Pandas is a Python package for the handling and analysis of spreadsheet data. The Pandas course deals with loading, cleaning, manipulating, merging, visualizing spreadsheet like data. This course assumes familiarity with Python. It should be interesting, for example, for people who work a lot with Excel and want to automatize repetitive tasks or analyze more complicated data. The course consists of about 60%-70% exercises with a trainer per 5 to 9 participants helping individually. At the end of the course participants will have a very thorough knowledge and practical experience with Pandas. They will know all the core tools and capabilities of Pandas. The topics of the course:

1) Numpy

  • ndarray creation routines.
  • Array elements access.
  • array slicing.
  • Elementwise operations.
  • Attributes of ndarray.

2) The Series object

  • Contruct a Series object. Different methods.
  • Series object behaves like a numpy array in certain aspects.
  • Checking if index key is present.
  • Series object behaves like a dict in certain aspects.

3) The DataFrame object

  • Construct a DataFrame object.
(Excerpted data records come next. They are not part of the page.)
Definition lognormalizer {d} {T : measurableType d}
  (mu : {measure set T -> \bar R}) (D : nat)
  (t : T -> 'rV[R]_D) (k : T -> R) (X : set T) (th : 'rV[R]_D) : R :=
  ln (fine (\int[mu]_x (ef_unnorm t k X th x)%:E)%E).

Definition ef_density {d} {T : measurableType d}
  (mu : {measure set T -> \bar R}) (D : nat)
  (t : T -> 'rV[R]_D) (k : T -> R) (X : set T) (th : 'rV[R]_D) (x : T) : R :=
  \1_X x * expR (dotv (t x) th - lognormalizer mu t k X th + k x).

Definition affine_set (D : nat) (S : set 'rV[R]_D) : Prop :=
  forall th1 th2 (l : R), S th1 -> S th2 -> S ((1 - l) *: th1 + l *: th2).

End Defs.

(* Taylor expansion of the polynomial f at 1 has coefficients
   f^(i)(1)/i! = sum_(j >= i) a_j C(j, i), and f(1) = f'(1) = 0 removes the
   terms of order 0 and 1; hence pointwise
     p f(q/p) = sum_(i >= 2) f^(i)(1)/i! (q - p)^i / p^(i-1),
   and integrating term by term gives the chi expansion.  At p = 0 the
   conventions of both integrands agree except where q > 0, a set that the
   finiteness of chi_2 makes negligible.

   For an exponential family, the binomial theorem expands (q - p)^i / p^(i-1)
   into a signed combination of the unnormalized densities at the parameters
   (1 - s) theta_p + s theta_q, which stay in the natural parameter space
   because it is affine; the integral of each of them is exp F. *)

From HB Require Import structures.
From mathcomp Require Import all_boot all_order all_algebra.
From mathcomp Require Import all_classical all_reals all_analysis.
From mathcomp Require Import ring measurable_realfun.
Import Order.TTheory GRing.Theory Num.Theory.
Import numFieldNormedType.Exports.
Local Open Scope classical_set_scope.
Local Open Scope ring_scope.

Section TaylorAtOne.
Context {R : comNzRingType} {P : {poly R}} {n : nat} (szP : (size P <= n)%N).

Lemma horner1_nderivn i : P^`N(i).[1] = \sum_(i <= j < n) P`_j * 'C(j, i)%:R.
Proof.
have szPi : (size P^`N(i) <= n - i)%N.
  exact: leq_trans (size_poly _ _) (leq_sub2r i szP).
rewrite (horner_coef_wide _ szPi) (big_addn 0 n i) big_mkord.
by apply: eq_bigr => j _; rewrite coef_nderivn expr1n mulr1 mulr_natr addnC.
Qed.

Lemma horner_taylor1 u : P.[u] = \sum_(i < n) P^`N(i).[1] * (u - 1) ^+ i.
Proof. by rewrite -(nderiv_taylor_wide (commr_sym (commr1 (u - 1))) szP) addrC subrK. Qed.

Lemma horner_taylor1_flat u : P.[1] = 0 -> (P^`()).[1] = 0 ->
  P.[u] = \sum_(2 <= i < n) P^`N(i).[1] * (u - 1) ^+ i.
Proof.
move=> P1 dP1; rewrite horner_taylor1 (bigID (fun i : 'I_n => 2 <= i)%N).
rewrite big_geq_mkord /= [X in _ + X]big1 ?addr0 // => -[[|[|i]] ?] //= _.
  by rewrite nderivn0 P1 mul0r.
by rewrite nderivn1 dP1 mul0r.
Qed.

End TaylorAtOne.

Lemma mul_horner_div_chi {F : fieldType} {P : {poly F}} {n : nat} (a b : F) :
  (size P <= n)%N -> P.[1] = 0 -> (P^`()).[1] = 0 -> a != 0 ->
  a * P.[b / a] = \sum_(2 <= i < n) P^`N(i).[1] * ((b - a) ^+ i / a ^+ i.-1).
Proof.
move=> szP P1 dP1 a_neq0; rewrite (horner_taylor1_flat szP _ P1 dP1) mulr_sumr.
apply: eq_big_nat => -[|i] /andP[i_gt1 _] //=.
have -> : b / a - 1 = (b - a) / a by field.
by rewrite expr_div_n [a ^+ i.+1]exprS; field; rewrite expf_neq0.
Qed.

Lemma measurable_inv (R : realType) : measurable_fun [set: R] (@GRing.inv R).
Proof.
have -> : @GRing.inv R = (fun y => if y == 0 then 0 else y^-1).
  by apply/funext => y; case: eqP => [->|]; rewrite ?invr0.
apply: measurable_fun_if => //; first exact: measurable_fun_eqr.
rewrite setTI; apply: open_continuous_measurable_fun => [|y].
  have -> : (fun y : R => y == 0) @^-1` [set false] = ~` [set 0].
    by apply/seteqP; split => y /=; case: eqP.
  by rewrite openC; apply: compact_closed; [exact: Rhausdorff|exact: compact_set1].
by rewrite inE /= => /negbT; exact: inv_continuous.
Qed.

Section FDivergenceIntegrand.
Context {R : realType}.
Implicit Types (f : R -> R) (a b : R).

Lemma measurable_fdiv_integrand d (T : measurableType d) f (p q : T -> R) :
  measurable_fun setT f -> measurable_fun setT p -> measurable_fun setT q ->
  measurable_fun setT (fun x => fdiv_integrand f (p x) (q x)).
Proof.
move=> mf mp mq; apply: measurable_fun_ifT; first exact: measurable_fun_ltr.
  apply/measurable_EFinP/measurable_funM => //.
  apply: measurableT_comp => //.
  by apply: measurable_funM => //; exact: measurableT_comp (@measurable_inv R) mp.
apply: measurable_fun_ifT; first exact: measurable_fun_eqr.
  exact: measurable_cst.
by apply: emeasurable_funM; [exact/measurable_EFinP|exact: measurable_cst].
Qed.

Lemma fdiv_integrand_horner (P : {poly R}) n a b :
  (size P <= n)%N -> P.[1] = 0 -> (P^`()).[1] = 0 ->
  chi_integrand 2 a b \is a fin_num ->
  fdiv_integrand (horner P) a b =
    (\sum_(2 <= i < n) (P^`N(i).[1])%:E * chi_integrand i a b)%E.
Proof.
move=> szP P1 dP1; rewrite /fdiv_integrand /chi_integrand.
have [a_gt0 _|_] := ltP 0 a.
  under eq_bigr do rewrite -EFinM.
  by rewrite sumEFin (mul_horner_div_chi _ _ szP P1 dP1) // gt_eqF.
by case: eqP => // _ _; rewrite big1 // => i _; rewrite mule0.
Qed.

End FDivergenceIntegrand.

Section IntegralSumIn.
Local Open Scope ereal_scope.
Context {d} {T : measurableType d} {R : realType} {mu : {measure set T -> \bar R}}.
Context {D : set T} (mD : measurable D) {I : eqType} {f : I -> T -> \bar R}.

Lemma integrable_sum_in (s : seq I) :
  (forall i, i \in s -> mu.-integrable D (f i)) ->
  mu.-integrable D (fun x => \sum_(i <- s) f i x).
Proof.
move=> fs_int; apply: eq_integrable mD _ _ _ (integrable_sum mD s fs_int) => x _.
by rewrite -big_seq.
Qed.

Lemma integral_sum_in (s : seq I) :
  (forall i, i \in s -> mu.-integrable D (f i)) ->
  \int[mu]_(x in D) (\sum_(i <- s) f i x) = \sum_(i <- s) \int[mu]_(x in D) f i x.
Proof.
elim: s => [_|j s IHs fs_int].
  by under eq_integral do rewrite big_nil; rewrite integral0 big_nil.
have s_int i : i \in s -> mu.-integrable D (f i).
  by move=> si; apply: fs_int; rewrite inE si orbT.
under eq_integral do rewrite big_cons.
rewrite integralD // ?big_cons ?IHs //; last exact: integrable_sum_in.
by apply: fs_int; rewrite inE eqxx.
Qed.

End IntegralSumIn.

Lemma fdiv_chi_expansion {R : realType} {P : {poly R}} {n : nat}
    d (T : measurableType d) (mu : {measure set T -> \bar R}) (p q : T -> R) :
  (size P <= n)%N -> (2 < n)%N -> P.[1] = 0 -> (P^`()).[1] = 0 ->
  measurable_fun setT p -> measurable_fun setT q ->
  (forall i, (2 <= i < n)%N -> chi_pm_finite mu i p q) ->
  fdiv mu (horner P) p q = (\sum_(2 <= i < n) (P^`N(i).[1])%:E * chi_pm mu i p q)%E.
Proof.
move=> szP n_gt2 P1 dP1 mp mq chi_fin.
have term_int i : i \in index_iota 2 n -> mu.-integrable setT
    (fun x => (P^`N(i).[1])%:E * chi_integrand i (p x) (q x))%E.
  by rewrite mem_index_iota => /chi_fin; exact: integrableZl.
transitivity (\int[mu]_x
    \sum_(2 <= i < n) (P^`N(i).[1])%:E * chi_integrand i (p x) (q x))%E.
  apply: ae_eq_integral => //.
  - apply: measurable_fdiv_integrand mp mq.
    by apply: continuous_measurable_fun; exact: continuous_horner.
  - exact: measurable_int (integrable_sum_in measurableT _ term_int).
  apply: filterS (integrable_ae measurableT (chi_fin 2 _)) => [x chi2_fin _|].
    exact: fdiv_integrand_horner (chi2_fin I).
  by rewrite leqnn.
rewrite integral_sum_in //; apply: eq_big_seq => i i_range.
by rewrite integralZl //; move: i_range; rewrite mem_index_iota => /chi_fin.
Qed.

Lemma sum_alternating_binomial (R : comPzRingType) i : (0 < i)%N ->
  \sum_(0 <= s < i.+1) (-1) ^+ (i - s) * 'C(i, s)%:R = 0 :> R.
Proof.
move=> i_gt0; transitivity ((-1 + 1 : R) ^+ i); last by rewrite addNr expr0n gtn_eqF.
rewrite exprDn big_mkord.
by apply: eq_bigr => s _; rewrite expr1n mulr1 mulr_natr.
Qed.

Lemma chi_integrand_expR (R : realType) i (a b : R) : (0 < i)%N ->
  chi_integrand i (expR a) (expR b) =
  (\sum_(0 <= s < i.+1) (-1) ^+ (i - s) * 'C(i, s)%:R *
     expR (s%:R * b + (1 - s%:R) * a))%:E.
Proof.
move=> i_gt0; rewrite /chi_integrand expR_gt0; congr EFin.
rewrite addrC exprDn -(big_mkord xpredT (fun s =>
  (- expR a) ^+ (i - s) * expR b ^+ s *+ 'C(i, s))) mulr_suml.
apply: eq_big_nat => s; rewrite ltnS => /andP[_ s_le_i].
rewrite (exprNn (expR a)) -!expRM_natl -expRN.
have -> : s%:R * b + (1 - s%:R) * a = (i - s)%:R * a + s%:R * b - i.-1%:R * a.
  have iE : i%:R = i.-1%:R + 1 :> R by rewrite natr1 prednK.
  by rewrite (natrB _ s_le_i) iE; ring.
by rewrite !expRD -mulr_natr; ring.
Qed.

Lemma chi_integrand_indic_expR (R : realType) i (c : bool) (a b : R) : (0 < i)%N ->
  chi_integrand i (c%:R * expR a) (c%:R * expR b) =
  (\sum_(0 <= s < i.+1) (-1) ^+ (i - s) * 'C(i, s)%:R *
     (c%:R * expR (s%:R * b + (1 - s%:R) * a)))%:E.
Proof.
move=> i_gt0; case: c.
  rewrite !mulr1n !mul1r chi_integrand_expR //.
  by congr EFin; apply: eq_bigr => s _; rewrite mul1r.
rewrite !mulr0n !mul0r /chi_integrand ltxx eqxx big1 // => s _.
by rewrite mul0r mulr0.
Qed.

Lemma dotv_affine (R : realType) D (u a b : 'rV[R]_D) (l : R) :
  dotv u ((1 - l) *: a + l *: b) = (1 - l) * dotv u a + l * dotv u b.
Proof.
by rewrite /dotv !mulr_sumr -big_split; apply: eq_bigr => i _ /=; rewrite !mxE; ring.
Qed.

Section ExponentialFamily.
Context {R : realType} {d} {T : measurableType d} (mu : {measure set T -> \bar R}).
Context {D : nat} (t : T -> 'rV[R]_D) (k : T -> R) (X : set T).
Hypotheses (mX : measurable X) (mk : measurable_fun setT k)
  (mt : forall i : 'I_D, measurable_fun setT (fun x => t x 0 i)).

Local Notation F := (lognormalizer mu t k X).
Local Notation Z th := (\int[mu]_x (ef_unnorm t k X th x)%:E)%E.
Various methods to do so.
  • Add / delete columns.
  • Row selection and slicing.
  • df.loc[], df.iloc[], df.at[], df.iat[] selection and access methods.
  • head(), tail(), transpose() methods.
  • DataFrame attributes.
  • Column-wise, row-wise methods.
  • DataFrame behaves like a 2-dimensional numpy array in certain aspects.

4) Cleaning and replacing data in a DataFrame

  • How to deal with missing data.
  • The replace() method.
  • Reading or writing a DataFrame from / to a csv-file or Excel-file.
  • String operations of String-Series.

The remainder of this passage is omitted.